Initially, the data is preprocessed to create a clean and complete dataset for analysis. This involves standardizing formats, completing missing records and addressing any inconsistencies to ensure the reliability of subsequent analyses.

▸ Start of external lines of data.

(* Let $1<p<\infty$, $\varepsilon>0$, and let $u$ be a smooth solution of $u_t=a_{ij}(\nabla u)u_{ij}$ in $Q_1$, where $a_{ij}(q)=\delta_{ij}+(p-2)\frac{q_iq_j}{|q|^2+\varepsilon^2}$. Let $\varphi:=(|\nabla u|^2+\varepsilon^2)^{p/2}$. Then $$\partial_t\varphi-a_{ij}(\nabla u)\partial_{ij}\varphi\le0\quad\text{in }Q_1.$$
   Context: $\nabla$ is the spatial gradient, $u_{ij}=\partial_{x_ix_j}u$, summation over repeated indices, $Q_1=B_1\times(-1,0]$ with $B_1$ the unit ball of $\mathbb{R}^n$. *)

From Stdlib Require Import Reals Lra Lia List.
Open Scope R_scope.

(* A point of R^n is represented by x : nat -> R with x k = 0 for k >= n. *)
Definition pt := nat -> R.

Definition upd (x : pt) (i : nat) (r : R) : pt :=
  fun k => if Nat.eqb k i then r else x k.

Fixpoint sumR (n : nat) (f : nat -> R) : R :=
  match n with O => 0 | S m => sumR m f + f m end.

Definition sqnorm (n : nat) (x : pt) : R := sumR n (fun i => x i ^ 2).

Definition in_B1 (n : nat) (x : pt) : Prop :=
  (forall k, (n <= k)%nat -> x k = 0) /\ sqnorm n x < 1.

Definition in_Q1 (n : nat) (x : pt) (t : R) : Prop :=
  in_B1 n x /\ -1 < t <= 0.

Inductive dir := Sp (i : nat) | Tm.

Definition valid_dir (n : nat) (d : dir) : Prop :=
  match d with Sp i => (i < n)%nat | Tm => True end.

Definition mvx (d : dir) (x : pt) (h : R) : pt :=
  match d with Sp i => upd x i (x i + h) | Tm => x end.
Definition mvt (d : dir) (t : R) (h : R) : R :=
  match d with Sp _ => t | Tm => t + h end.

(* g is the partial derivative of f in direction d at every point of Q_1,
   the difference quotient being taken within Q_1 (so at t = 0 the time
   derivative is the left derivative; spatial ones are two-sided). *)
Definition has_partial_Q1 (n : nat) (f g : pt -> R -> R) (d : dir) : Prop :=
  forall x t, in_Q1 n x t ->
  forall eps, 0 < eps -> exists delta, 0 < delta /\
    forall h, h <> 0 -> Rabs h < delta -> in_Q1 n (mvx d x h) (mvt d t h) ->
      Rabs ((f (mvx d x h) (mvt d t h) - f x t) / h - g x t) < eps.

Definition continuous_Q1 (n : nat) (f : pt -> R -> R) : Prop :=
  forall x t, in_Q1 n x t ->
  forall eps, 0 < eps -> exists delta, 0 < delta /\
    forall y s, in_Q1 n y s ->
      sqnorm n (fun k => y k - x k) + (s - t) ^ 2 < delta ^ 2 ->
      Rabs (f y s - f x t) < eps.
Lemma ler_fsum_subset (R : numDomainType) (T : choiceType) (P Q : set T) (f : T -> R) :
  (forall i, 0 <= f i) -> P `<=` Q -> finite_set (Q `&` f @^-1` [set~ 0]) ->
  \sum_(i \in P) f i <= \sum_(i \in Q) f i.
Proof.
move=> f_ge0 PQ Q_fin.
rewrite fsbig_supp [leRHS]fsbig_supp.
set P' := P `&` _; set Q' := Q `&` _.
have PQ' : P' `<=` Q' by move=> x [Px fx]; split => //; exact: PQ.
have P'_fin : finite_set P' := sub_finite_set PQ' Q_fin.
rewrite -(setDUK PQ') fsbigU0 //; last 2 first.
- exact: sub_finite_set (@subDsetl _ _ _) Q_fin.
- by move=> x [Px [_ nPx]].
by rewrite lerDl fsumr_ge0.
Qed.

Lemma path_exit_edge (T : Type) (e : rel T) (B : set T) s x :
  B x -> path e x s -> ~ B (last x s) -> exists u v, [/\ B u, ~ B v & e u v].
Proof.
elim: s x => [|z s IH] x Bx //=.
case/andP => xz zs last_out.
have [Bz|nBz] := pselect (B z); first exact: IH Bz zs last_out.
by exists x, z.
Qed.

Section Balls.
Variables (R : realType) (V : choiceType) (mu : V -> V -> R) (o : V).

Lemma ball_k0 : ball_k mu o 0 = [set o].
Proof.
apply/seteqP; split => x /=; first by case => -[|? ?] [] //= _ _ <-.
by move=> ->; exists [::].
Qed.

Lemma ball_k_center k : ball_k mu o k o.
Proof. by exists [::]. Qed.

Lemma ball_k_subS k : ball_k mu o k `<=` ball_k mu o k.+1.
Proof. by move=> x [s [s_le s_path s_last]]; exists s; split => //; exact: leqW. Qed.

Lemma ball_kS_adj k x y : ball_k mu o k x -> adj mu x y -> ball_k mu o k.+1 y.
Proof.
move=> [s [s_le s_path s_last]] xy; exists (rcons s y); split.
- by rewrite size_rcons.
- by rewrite rcons_path s_path s_last.
- by rewrite last_rcons.
Qed.

Lemma ball_kS_sub k :
  ball_k mu o k.+1 `<=` ball_k mu o k `|` \bigcup_(x in ball_k mu o k) nbrs mu x.
Proof.
move=> y [s [s_le s_path s_last]].
case/lastP: s s_le s_path s_last => [|s z]; first by left; exists [::].
rewrite size_rcons rcons_path last_rcons => s_le /andP[s_path sz] <-.
by right; exists (last o s) => //; exists s.
Qed.

Hypothesis lf : locally_finite mu.

Lemma ball_k_finite k : finite_set (ball_k mu o k).
Proof.
elim: k => [|k IH]; first by rewrite ball_k0; exact: finite_set1.
apply: sub_finite_set (@ball_kS_sub k) _.
rewrite finite_setU; split => //.
by apply: bigcup_finite => // x _; exact: lf.
Qed.

Lemma ball_k_shell_finite k : finite_set (ball_k mu o k.+1 `\` ball_k mu o k).
Proof. exact: sub_finite_set (@subDsetl _ _ _) (ball_k_finite k.+1). Qed.

Hypothesis wg : weighted_graph mu.

Lemma muv_ge0 x : 0 <= muv mu x.
Proof. by case: wg => _ mu_ge0; apply: fsumr_ge0 => y _. Qed.

Lemma muset_ge0 A : 0 <= muset mu A.
Proof. by apply: fsumr_ge0 => x _; exact: muv_ge0. Qed.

For this make sure to have a folder named **data** within this repository where the following csv files should appear:
- accidents_original.csv
- weather2018.csv
- borough_area.csv
- zip_code_area.csv



In [1]:
import pandas as pd
import numpy as np

In [2]:
# Read CSV file
df = pd.read_csv('data/accidents_original.csv')
print(df.columns)

Index(['CRASH DATE', 'CRASH TIME', 'BOROUGH', 'ZIP CODE', 'LATITUDE',
       'LONGITUDE', 'LOCATION', 'ON STREET NAME', 'CROSS STREET NAME',
       'OFF STREET NAME', 'NUMBER OF PERSONS INJURED',
       'NUMBER OF PERSONS KILLED', 'NUMBER OF PEDESTRIANS INJURED',
       'NUMBER OF PEDESTRIANS KILLED', 'NUMBER OF CYCLIST INJURED',
       'NUMBER OF CYCLIST KILLED', 'NUMBER OF MOTORIST INJURED',
       'NUMBER OF MOTORIST KILLED', 'CONTRIBUTING FACTOR VEHICLE 1',
       'CONTRIBUTING FACTOR VEHICLE 2', 'CONTRIBUTING FACTOR VEHICLE 3',
       'CONTRIBUTING FACTOR VEHICLE 4', 'CONTRIBUTING FACTOR VEHICLE 5',
       'COLLISION_ID', 'VEHICLE TYPE CODE 1', 'VEHICLE TYPE CODE 2',
       'VEHICLE TYPE CODE 3', 'VEHICLE TYPE CODE 4', 'VEHICLE TYPE CODE 5'],
      dtype='object')


First we are going to substract columns which do not provide information relevant for our analysis, which at first mainly include all contributing factors except for car 1, other vehicles type but 1 and redundant location information.

In [3]:
df.drop(columns=['NUMBER OF PERSONS INJURED', 'NUMBER OF PERSONS KILLED', 'CONTRIBUTING FACTOR VEHICLE 2', 
                 'CONTRIBUTING FACTOR VEHICLE 3', 'CONTRIBUTING FACTOR VEHICLE 4', 'CONTRIBUTING FACTOR VEHICLE 5', 
                 'VEHICLE TYPE CODE 2', 'VEHICLE TYPE CODE 3', 'VEHICLE TYPE CODE 4', 'VEHICLE TYPE CODE 5', 
                 'CROSS STREET NAME', 'OFF STREET NAME', 'LOCATION', 'COLLISION_ID', 'ON STREET NAME'], inplace=True)

In [4]:
df.rename(columns={'VEHICLE TYPE CODE 1': 'VEHICLE TYPE'}, inplace=True)
df.rename(columns={'CONTRIBUTING FACTOR VEHICLE 1': 'CONTRIBUTING FACTOR'}, inplace=True)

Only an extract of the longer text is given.